- [EXERCISE DESCRIPTION]
Look through the data below for the line with "(subst s b)", and transcribe it exactly together with each line after it up to and including the line with "forall R', is_logic". Give nothing else.

- [DATA TO PROCESS]
(* Let $q>1$ be prime and $0<j\le q$. Then $\bar{\mathsf{L}}^j_q$ is the unique logic strongly maximal with respect to $\mathsf{CPL}$ that extends $\mathsf{L}^j_q$; in fact, $\bar{\mathsf{L}}^j_q$ is the only finitary structural logic $L$ with ${\vDash_{\mathsf{L}^j_q}}\subsetneq{\vdash_L}\subsetneq{\vDash_{\mathsf{CPL}}}$.
   Context: $\mathbf{ŁV}_{n+1}=(\{0,\frac1n,\dots,1\},\neg,\to)$ with $\neg x=1-x$, $x\to y=\min\{1,1-x+y\}$. $F_{j/q}=\{x:x\ge j/q\}$; $\mathsf{L}^j_q=\langle\mathbf{ŁV}_{q+1},F_{j/q}\rangle$; $\bar{\mathsf{L}}^j_q=\langle\mathbf{ŁV}_{q+1}\times\mathbf{ŁV}_2,F_{j/q}\times\{1\}\rangle$; $\mathsf{CPL}=\langle\mathbf{ŁV}_2,\{1\}\rangle$. Matrix consequence: every evaluation sending the premises into the designated set sends the conclusion into it. $L_1$ is strongly maximal w.r.t. $L_2$ if ${\vdash_{L_1}}\subsetneq{\vdash_{L_2}}$ and adding to $L_1$ (as a structural rule, closed under substitution) any finitary rule valid in $L_2$ but not in $L_1$ yields exactly $L_2$. *)

From Stdlib Require List.
From mathcomp Require Import all_boot.
Set Implicit Arguments. Unset Strict Implicit. Unset Printing Implicit Defensive.

Inductive fm : Type :=
| Var : nat -> fm
| Neg : fm -> fm
| Imp : fm -> fm -> fm.

Fixpoint subst (s : nat -> fm) (f : fm) : fm :=
  match f with
  | Var n => s n
  | Neg a => Neg (subst s a)
  | Imp a b => Imp (subst s a) (subst s b)
  end.

Definition fset := fm -> Prop.
Definition crel := fset -> fm -> Prop.
Definition set_of_seq (s : seq fm) : fset := fun f => List.In f s.

Record matrix := Matrix {
  carrier : Type;
  mneg : carrier -> carrier;
  mimp : carrier -> carrier -> carrier;
  desig : carrier -> Prop }.

Fixpoint eval (M : matrix) (v : nat -> carrier M) (f : fm) : carrier M :=
  match f with
  | Var n => v n
  | Neg a => mneg (eval v a)
  | Imp a b => mimp (eval v a) (eval v b)
  end.

Definition mcons (M : matrix) : crel := fun G f =>
  forall v : nat -> carrier M,
    (forall g, G g -> desig (eval v g)) -> desig (eval v f).

(** Łukasiewicz algebra ŁV_{n+1} on {0,1/n,...,1}; x : 'I_n.+1 encodes x/n. *)
Definition lneg (n : nat) (x : 'I_n.+1) : 'I_n.+1 := inord (n - x).
Definition limp (n : nat) (x y : 'I_n.+1) : 'I_n.+1 := inord (minn n (n - x + y)).

Definition Lmat (q j : nat) : matrix :=
  @Matrix 'I_q.+1 (@lneg q) (@limp q) (fun x => j <= x).

Definition Lbarmat (q j : nat) : matrix :=
  @Matrix ('I_q.+1 * 'I_2)%type
    (fun x => (lneg x.1, lneg x.2))
    (fun x y => (limp x.1 y.1, limp x.2 y.2))
    (fun x => j <= x.1 /\ 1 <= x.2).

Definition CPLmat : matrix := @Matrix 'I_2 (@lneg 1) (@limp 1) (fun x => 1 <= x).

Definition is_logic (R : crel) : Prop :=
  (forall (G : fset) f, G f -> R G f) /\
  (forall (G D : fset) f, (forall g, G g -> D g) -> R G f -> R D f) /\
  (forall (G D : fset) f, (forall g, D g -> R G g) -> R D f -> R G f) /\
  (forall (s : nat -> fm) (G : fset) f,
      R G f -> R (fun g => exists2 h, G h & g = subst s h) (subst s f)).

Definition finitary (R : crel) : Prop :=
  forall G f, R G f ->
    exists2 G0 : seq fm, (forall g, List.In g G0 -> G g) & R (set_of_seq G0) f.

Definition finitary_logic (R : crel) : Prop := is_logic R /\ finitary R.

Definition crel_incl (R1 R2 : crel) : Prop := forall G f, R1 G f -> R2 G f.
Definition crel_eq (R1 R2 : crel) : Prop := forall G f, R1 G f <-> R2 G f.
Definition crel_sincl (R1 R2 : crel) : Prop := crel_incl R1 R2 /\ ~ crel_incl R2 R1.

Definition rule := (seq fm * fm)%type.
Definition valid_rule (R : crel) (r : rule) : Prop := R (set_of_seq r.1) r.2.

Definition extend_by (R : crel) (r : rule) : crel := fun G f =>
  forall R', is_logic R' -> crel_incl R R' -> valid_rule R' r -> R' G f.

Definition strongly_maximal (R1 R2 : crel) : Prop :=
  crel_sincl R1 R2 /\
  forall r : rule, valid_rule R2 r -> ~ valid_rule R1 r ->
    crel_eq (extend_by R1 r) R2.

(* Let L be a structural logic extending L^j_q and D ⊬_L ψ, with D finite and everything
   in the variables p_0, ..., p_{k-1}.  Consider the ŁV_{q+1}-valuations validating every
   k-variable L-consequence of D; each either gives some p_i (i < k) an interior value or
   is classical.  As q is prime, one formula in one variable detects interior values, so
   a substitution can send each p_r to a formula that takes any prescribed value on the
   non-classical valuations and any prescribed classical value on the classical ones, and
   structurality transports L-derivations along it.  Hence: if all these valuations are
   non-classical, L ⊆ L^j_q; if both kinds occur, L ⊆ \bar L^j_q and D ⊬ ψ there; if all
   are classical, D ⊬ ψ in CPL.  By compactness of finite matrices, any logic strictly
   between L^j_q and CPL is thus \bar L^j_q, and the rules δ(p) ⊢ ⊥ and ⊢ ¬δ(p), where
   δ(p) is 1 at interior p and 0 elsewhere, separate the three logics. *)

From mathcomp Require Import all_boot zify.
From Stdlib Require Import Classical ClassicalEpsilon.
Set Implicit Arguments. Unset Strict Implicit. Unset Printing Implicit Defensive.

Lemma In_of_mem (T : eqType) (x : T) (s : seq T) : x \in s -> List.In x s.
Proof. by elim: s => [//|y s IH]; rewrite inE => /orP[/eqP->|/IH]; [left|right]. Qed.

Lemma eval_ext (M : matrix) (v v' : nat -> carrier M) f :
  v =1 v' -> eval v f = eval v' f.
Proof. by move=> vv'; elim: f => [n|a IH|a IHa b IHb] /=; rewrite ?vv' ?IH ?IHa ?IHb. Qed.

Lemma eval_subst (M : matrix) (v : nat -> carrier M) s f :
  eval v (subst s f) = eval (fun n => eval v (s n)) f.
Proof. by elim: f => [n|a IH|a IHa b IHb] //=; rewrite ?IH ?IHa ?IHb. Qed.

Fixpoint vars_below (k : nat) (f : fm) : bool :=
  match f with
  | Var n => n < k
  | Neg a => vars_below k a
  | Imp a b => vars_below k a && vars_below k b
  end.

Lemma vars_below_mono k k' f : k <= k' -> vars_below k f -> vars_below k' f.
Proof.
move=> le_kk'; elim: f => [n|a IH|a IHa b IHb] /=; first by move/leq_trans->.
  exact: IH.
by case/andP=> /IHa -> /IHb ->.
Qed.

Lemma vars_below_exists f : exists k, vars_below k f.
Proof.
elim: f => [n|a IH|a [ka Ha] b [kb Hb]] //=; first by exists n.+1.
exists (maxn ka kb).
by rewrite (vars_below_mono (leq_maxl _ _) Ha) (vars_below_mono (leq_maxr _ _) Hb).
Qed.

Lemma vars_below_seq (s : seq fm) :
  exists2 k, 0 < k & forall g, List.In g s -> vars_below k g.
Proof.
elim: s => [|f s [k k_gt0 Hs]]; first by exists 1.
have [kf Hf] := vars_below_exists f.
exists (maxn k kf) => [|g [<-|/Hs]]; first by rewrite leq_max k_gt0.
  exact/vars_below_mono/Hf/leq_maxr.
exact/vars_below_mono/leq_maxl.
Qed.

Lemma eval_vars_below (M : matrix) (v v' : nat -> carrier M) k f :
  vars_below k f -> (forall i, i < k -> v i = v' i) -> eval v f = eval v' f.
Proof.
move=> Hf vv'; elim: f Hf => [n|a IH|a IHa b IHb] /=; first exact: vv'.
  by move=> /IH ->.
by case/andP=> /IHa -> /IHb ->.
Qed.

Lemma vars_below_subst k s f :
  (forall n, vars_below k (s n)) -> vars_below k (subst s f).
Proof. by move=> Hs; elim: f => [n|a IH|a IHa b IHb] //=; rewrite IHa IHb. Qed.

Lemma mcons_logic M : is_logic (mcons M).
Proof.
split; [|split; [|split]].
- by move=> G f Gf v Hv; apply: Hv.
- by move=> G D f GD H v Hv; apply: H => g /GD; apply: Hv.
- by move=> G D f HD H v Hv; apply: H => g /HD; apply.
- move=> s G f H v Hv; rewrite eval_subst; apply: H => g Gg.
  by rewrite -eval_subst; apply: Hv; exists g.
Qed.

Lemma logic_mono (R : crel) (G G' : fset) f :
  is_logic R -> (forall g, G g -> G' g) -> R G f -> R G' f.
Proof. by case=> _ [mono _]; apply: mono. Qed.

Section Compactness.
Variable M : matrix.
Local Notation A := (carrier M).
Variable el : seq A.
Hypothesis el_full : forall x, List.In x el.

Section Refutation.
Variables (G : fset) (f : fm).

Definition locally_refutable (p : nat -> A) (n : nat) : Prop :=
  forall G0 : seq fm, (forall g, List.In g G0 -> G g) ->
    exists v : nat -> A, [/\ forall i, i < n -> v i = p i,
      forall g, List.In g G0 -> desig (eval v g) & ~ desig (eval v f)].

Definition upd (p : nat -> A) (n : nat) (a : A) : nat -> A :=
  fun i => if i == n then a else p i.

(* If every value [a] at [n] were defeated by some finite [G0 a], the union of
   these finitely many [G0 a] would defeat [p]. *)
Lemma locally_refutable_step p n :
  locally_refutable p n -> exists a, locally_refutable (upd p n a) n.+1.
Proof.
move=> p_ref; apply: NNPP => none.
have defeated a : exists G0 : seq fm, (forall g, List.In g G0 -> G g) /\
    forall v : nat -> A, (forall i, i < n.+1 -> v i = upd p n a i) ->
      (forall g, List.In g G0 -> desig (eval v g)) -> desig (eval v f).
  apply: NNPP => not_def; apply: none; exists a => G0 G0G; apply: NNPP => no_v.
  apply: not_def; exists G0; split=> // v v_p v_G0; apply: NNPP => v_f.
  by apply: no_v; exists v.
pose G0 a := proj1_sig (constructive_indefinite_description _ (defeated a)).
have G0P a := proj2_sig (constructive_indefinite_description _ (defeated a)).
have [|v [v_p v_G0 v_f]] := p_ref (List.flat_map G0 el).
  by move=> g /List.in_flat_map[a [_ /(proj1 (G0P a))]].
apply: v_f; apply: (proj2 (G0P (v n))) => [i|g g_G0].
  rewrite ltnS /upd leq_eqVlt => /orP[/eqP->|lt_in]; first by rewrite eqxx.
  by rewrite ltn_eqF // v_p.
by apply: v_G0; apply/List.in_flat_map; exists (v n).
Qed.

Section Limit.
Variable p0 : nat -> A.
Hypothesis refuted0 : locally_refutable p0 0.

Definition next (p : nat -> A) (n : nat) : A :=
  epsilon (inhabits (p0 0)) (fun a => locally_refutable p n -> locally_refutable (upd p n a) n.+1).

Fixpoint approx (n : nat) : nat -> A :=
  if n is m.+1 then upd (approx m) m (next (approx m) m) else p0.

Lemma approx_refutable n : locally_refutable (approx n) n.
Proof.
elim: n => [|n IH] /=; first exact: refuted0.
have [a Ha] := locally_refutable_step IH.
exact: (epsilon_spec _ _ (ex_intro _ a (fun _ => Ha)) IH).
Qed.

Definition limit (i : nat) : A := approx i.+1 i.

Lemma approx_limit m i : i < m -> approx m i = limit i.
Proof.
elim: m => [//|m IH]; rewrite ltnS leq_eqVlt => /orP[/eqP->//|lt_im] /=.
by rewrite /upd ltn_eqF // IH.
Qed.
End Limit.
End Refutation.

Lemma mcons_finitary : finitary (mcons M).
Proof.
move=> G f Gf; apply: NNPP => none.
have [v0 _] : exists v : nat -> A, True.
  by apply: NNPP => no_v; apply: none; exists nil => // v; case: no_v; exists v.
have refuted0 : locally_refutable G f v0 0.
  move=> G0 G0G; apply: NNPP => no_v; apply: none; exists G0 => // v v_G0.
  by apply: NNPP => v_f; apply: no_v; exists v.
pose w := limit G f v0.
have refute_from m G0 : (forall g, List.In g G0 -> G g) ->
    exists v : nat -> A, [/\ forall h, vars_below m h -> eval v h = eval w h,
      forall g, List.In g G0 -> desig (eval v g) & ~ desig (eval v f)].
  case/(approx_refutable refuted0 m) => v [v_approx v_G0 v_f]; exists v; split=> // h h_vars.
  by apply: (eval_vars_below h_vars) => i lt_im; rewrite v_approx // approx_limit.
have not_f : ~ desig (eval w f).
  have [m f_vars] := vars_below_exists f.
  by have [//|v [v_w _]] := refute_from m nil; rewrite v_w.
apply/not_f/Gf => g Gg.
have [m _ gf_vars] := vars_below_seq [:: g; f].
have [|v [v_w v_g _]] := refute_from m [:: g]; first by move=> h [<-|].
by rewrite -v_w; [apply: v_g; left | apply: gf_vars; left].
Qed.
End Compactness.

- [RESULT OF THE TASK]
  | Imp a b => Imp (subst s a) (subst s b)
  end.

Definition fset := fm -> Prop.
Definition crel := fset -> fm -> Prop.
Definition set_of_seq (s : seq fm) : fset := fun f => List.In f s.

Record matrix := Matrix {
  carrier : Type;
  mneg : carrier -> carrier;
  mimp : carrier -> carrier -> carrier;
  desig : carrier -> Prop }.

Fixpoint eval (M : matrix) (v : nat -> carrier M) (f : fm) : carrier M :=
  match f with
  | Var n => v n
  | Neg a => mneg (eval v a)
  | Imp a b => mimp (eval v a) (eval v b)
  end.

Definition mcons (M : matrix) : crel := fun G f =>
  forall v : nat -> carrier M,
    (forall g, G g -> desig (eval v g)) -> desig (eval v f).

(** Łukasiewicz algebra ŁV_{n+1} on {0,1/n,...,1}; x : 'I_n.+1 encodes x/n. *)
Definition lneg (n : nat) (x : 'I_n.+1) : 'I_n.+1 := inord (n - x).
Definition limp (n : nat) (x y : 'I_n.+1) : 'I_n.+1 := inord (minn n (n - x + y)).

Definition Lmat (q j : nat) : matrix :=
  @Matrix 'I_q.+1 (@lneg q) (@limp q) (fun x => j <= x).

Definition Lbarmat (q j : nat) : matrix :=
  @Matrix ('I_q.+1 * 'I_2)%type
    (fun x => (lneg x.1, lneg x.2))
    (fun x y => (limp x.1 y.1, limp x.2 y.2))
    (fun x => j <= x.1 /\ 1 <= x.2).

Definition CPLmat : matrix := @Matrix 'I_2 (@lneg 1) (@limp 1) (fun x => 1 <= x).

Definition is_logic (R : crel) : Prop :=
  (forall (G : fset) f, G f -> R G f) /\
  (forall (G D : fset) f, (forall g, G g -> D g) -> R G f -> R D f) /\
  (forall (G D : fset) f, (forall g, D g -> R G g) -> R D f -> R G f) /\
  (forall (s : nat -> fm) (G : fset) f,
      R G f -> R (fun g => exists2 h, G h & g = subst s h) (subst s f)).

Definition finitary (R : crel) : Prop :=
  forall G f, R G f ->
    exists2 G0 : seq fm, (forall g, List.In g G0 -> G g) & R (set_of_seq G0) f.

Definition finitary_logic (R : crel) : Prop := is_logic R /\ finitary R.

Definition crel_incl (R1 R2 : crel) : Prop := forall G f, R1 G f -> R2 G f.
Definition crel_eq (R1 R2 : crel) : Prop := forall G f, R1 G f <-> R2 G f.
Definition crel_sincl (R1 R2 : crel) : Prop := crel_incl R1 R2 /\ ~ crel_incl R2 R1.

Definition rule := (seq fm * fm)%type.
Definition valid_rule (R : crel) (r : rule) : Prop := R (set_of_seq r.1) r.2.

Definition extend_by (R : crel) (r : rule) : crel := fun G f =>
  forall R', is_logic R' -> crel_incl R R' -> valid_rule R' r -> R' G f.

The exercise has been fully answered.